Real-Time Analytics Arrives On Facebook

For anyone who has or maintains a Facebook Fan Page, you are aware of the Facebook Insights, which allows administrators to keep track of analytics. In an extensive update round from Facebook publishers who use Facebook plugins can see those analytics in real-time.

The Insights update enables publishers to get real-time data and metrics of their content and how their sites are performing in relation to Facebook. For example, this update will enable publishers to see how their posts are being seen. Of course, the analytics are exportable through Facebook’s Graph API.

This new update also includes a look into content performance off Facebook. Publishers can see the impressions, referral clicks, and most popular pages on their site. Publishers also have the ability to view the top 100 pages that get the most Facebook traffic.

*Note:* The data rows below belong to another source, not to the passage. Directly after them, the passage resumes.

(* Let $i\in\{3\frac{1}{2},4,5\}$ and let $X$ be a locally connected $T_i$-space. Let $\mathscr{Y}_i(X)$ be the set of (equivalence classes of) $T_i$ one-point connectifications of $X$, where for $Y_1,Y_2\in\mathscr{Y}_i(X)$ we put $Y_1\leq Y_2$ if there is a continuous map $f:Y_2\to Y_1$ fixing every point of $X$. Let $$\mathscr{Z}(X)=\{Z\subseteq\beta X\setminus X:\ Z\text{ is compact and } Z\cap\mathrm{cl}_{\beta X}C\neq\emptyset\text{ for every component }C\text{ of }X\},$$ partially ordered by inclusion. For $Z\in\mathscr{Z}(X)$ let $Q$ be the quotient space of $\beta X$ obtained by contracting $Z$ to a single point $z$, and let $\zeta_X(Z)=X\cup\{z\}$, regarded as a subspace of $Q$. Then $\zeta_X(Z)\in\mathscr{Y}_i(X)$ for every $Z\in\mathscr{Z}(X)$, and the map $\zeta_X:(\mathscr{Z}(X),\subseteq)\to(\mathscr{Y}_i(X),\leq)$ is an anti-order-isomorphism.
   Context: Conventions: $T_{3\frac12}$ = completely regular and $T_1$; $T_4$ = normal and $T_1$; $T_5$ = hereditarily normal (every subspace normal) and $T_1$. $\beta X$ denotes the Stone–Čech compactification of $X$. A one-point connectification of $X$ is a connected space $Y$ containing $X$ as a dense subspace with $Y\setminus X$ a singleton; two one-point connectifications are equivalent if there is a homeomorphism between them fixing every point of $X$, and equivalent ones are identified. A map $f:P\to Q$ between partially ordered sets is an anti-order-homomorphism if $a\le b$ implies $f(b)\le f(a)$; it is an anti-order-isomorphism if it is bijective and both $f$ and $f^{-1}$ are anti-order-homomorphisms. *)

From HB Require Import structures.
From mathcomp Require Import all_boot all_order all_algebra.
From mathcomp Require Import all_classical.
From mathcomp Require Import topology.
From mathcomp Require Import Rstruct Rstruct_topology.
From Stdlib Require Import Rdefinitions Raxioms.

Web site publishers with Like buttons will be able to see how many people saw the button, clicked on it, saw the story related to it, and how many of them clicked on the button. The Insights also provides metrics for the recently updated Comments plugin, enabling publishers to see the comment flow and where it is coming from. Finally, publishers will be able to learn more about their audience that interacts with its Facebook features on their site. The publisher can easily view the age group, gender, language, and country from which users are most active.

Facebook is taking a new spin on the analytics of a Web site. No longer will the numbers be represented by views but how much interaction a post or Web site gets. Google Analytics is going to see some heavy competition with Facebook’s new updates. Both services do essentially the same thing and with more users than ever using Facebook those numbers may go up quickly.

What it all boils down to is the interaction from the community that is reading and watching content, anyone can just post information but with a community it can be shared over and over and can also extend the conversation beyond the article.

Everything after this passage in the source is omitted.